SEÑORA DE PUEBLO
José Luis Alvite
Uno de mis grandes fracasos vitales es que no se me haya cumplido el viejo sueño de ir a cualquier sitio del que no supiese volver. He cometido unos cuantos errores que me apartaron de mi camino, es cierto, pero reconozco que jamás me equivoqué lo suficiente como para que mi destino no tuviese remedio. De niño era muy feliz cuando amanecía oscuro y creía que con un poco de suerte al levantarse las nubes en el peor de los casos me quedaría el consuelo de ver intacta la niebla. Esa tentación de la penumbra no me ha abandonado desde entonces. Aún ahora, al cabo de tantos años, a veces me quedó pasmado frente a la lluvia y recuerdo cuando su reflejo en la pared de mi alcoba parecía la blanda ameba de la sombra de un incendio, la pantomima mucosa de una hoguera cuyas llamas mojadas estuviesen a punto de apagar el fuego. También supuse de niño que con el paso del tiempo tal vez me sonriese la inmerecida fortuna de tener talento y que en ese caso rezaría para que Dios me permitiese al menos la inteligencia que iba a necesitar para disimularlo. A la muerte de mi padre, en el 91, me puse sus calzoncillos, salí a la calle y me sentí más seguro de mí mismo de lo que nunca antes había estado, de modo que se reafirmó mi la lejana idea infantil de que del aplomo de un hombre su ropa interior dice más que cualquiera de sus lecturas. Ahora soy mayor, tengo en el rostro la carpintería del cansancio y si se me diese por llorar, sé con toda seguridad que por culpa de mis rasgos ni una sola lágrima llegaría a salarme la boca. Con el paso de los años he aprendido a llamarle serenidad a la resignación y estoicismo a la cobardía.

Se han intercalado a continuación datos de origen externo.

Lemma inadmissible_rect_negligible k (U V : set R) :
  (1 <= k)%N -> measurable U -> measurable V ->
  (forall x y, U x -> V y -> ~ lf_admissible x y) ->
  P.-negligible [set w | U (A k w) /\ V (B k w)].
Proof.
move=> k1 mU mV UV_inadm.
have null1 : P.-negligible [set w | U (A 1%N w) /\ V (B 1%N w)].
  by apply: negligibleS inadmissible1_negligible => w /= [Uw Vw]; exact: UV_inadm.
have Pk0 : P [set w | U (A k w) /\ V (B k w)] = 0.
  by rewrite iid_pairs_rect // (measure_negligible (measurable_rect 1 _ _ isT mU mV)).
by apply/negligibleP; [exact: measurable_rect | exact: Pk0].
Qed.

Lemma admissible_ae :
  {ae P, forall w k, (1 <= k)%N -> lf_admissible (A k w) (B k w)}.
Proof.
apply: ae_foralln => k; have [k1|_] := leqP 1 k; last exact: aeW.
have m_lt (c : R) : measurable [set x : R | x < c].
  rewrite (_ : [set x | _] = [set` `]-oo, c[]); first exact: measurable_itv.
  by apply/seteqP; split => x /=; rewrite in_itv.
have m_le0 : measurable [set x : R | x <= 0].
  rewrite (_ : [set x | _] = [set` `]-oo, 0]]); first exact: measurable_itv.
  by apply/seteqP; split => x /=; rewrite in_itv.
have A_le0 : P.-negligible [set w | [set x : R | x <= 0] (A k w) /\ setT (B k w)].
  by apply: inadmissible_rect_negligible => // x y /= x0 _ [x_gt0 _]; lra.
have B_le0 : P.-negligible [set w | setT (A k w) /\ [set y : R | y <= 0] (B k w)].
  by apply: inadmissible_rect_negligible => // x y /= _ y0 [_ [y_gt0 _]]; lra.
(* {x, y > 0, x + y < 1} is covered by the rectangles x < q, y < 1 - q, q rational. *)
pose rect n : set T := if @unpickle rat n is Some q then
  [set w | [set x | x < ratr q] (A k w) /\ [set y | y < 1 - ratr q] (B k w)]
  else set0.
have small_sum : P.-negligible (\bigcup_n rect n).
  apply: negligible_bigcup => n; rewrite /rect.
  case: (unpickle n) => [q|]; last exact: negligible_set0.
  by apply: inadmissible_rect_negligible => // x y /= xq yq [_ [_ xy]]; lra.
apply: negligibleS (negligibleU (negligibleU A_le0 B_le0) small_sum) => w /= inadm.
have [A0|A0] := leP (A k w) 0; first by left; left.
have [B0|B0] := leP (B k w) 0; first by left; right.
have [AB|AB] := ltP (A k w + B k w) 1; last by exfalso; apply: inadm.
have AB' : A k w < 1 - B k w by rewrite ltrBrDr.
have [q] := rat_in_itvoo AB'.
rewrite in_itv /= => /andP[Aq qB]; right; exists (pickle q); first by [].
by rewrite /rect pickleK /=; split => //; rewrite ltrBrDr addrC -ltrBrDr.
Qed.

End iid_environment.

Ya sé que no está bien decirlo, pero si volviese a enamorarme y quisiese saber cuánto va a durar lo nuestro, me limitaría a contar el dinero que en ese momento lleve encima. Ahora sé que a estas alturas de mi vida lo único que me cabe añadirle a mi biografía son unas pocas disculpas fingidas y un esclarecedor puñado de erratas, no muchas, sólo las que un cínico como yo necesita para sucumbir en la penumbra persuadido de que, según se mire, la muerte sólo es una señora de pueblo que tarda horrores en fingir el orgasmo.
(Publicado en la sección Opinión del diario La Razón, el 25 de febrero de 2010).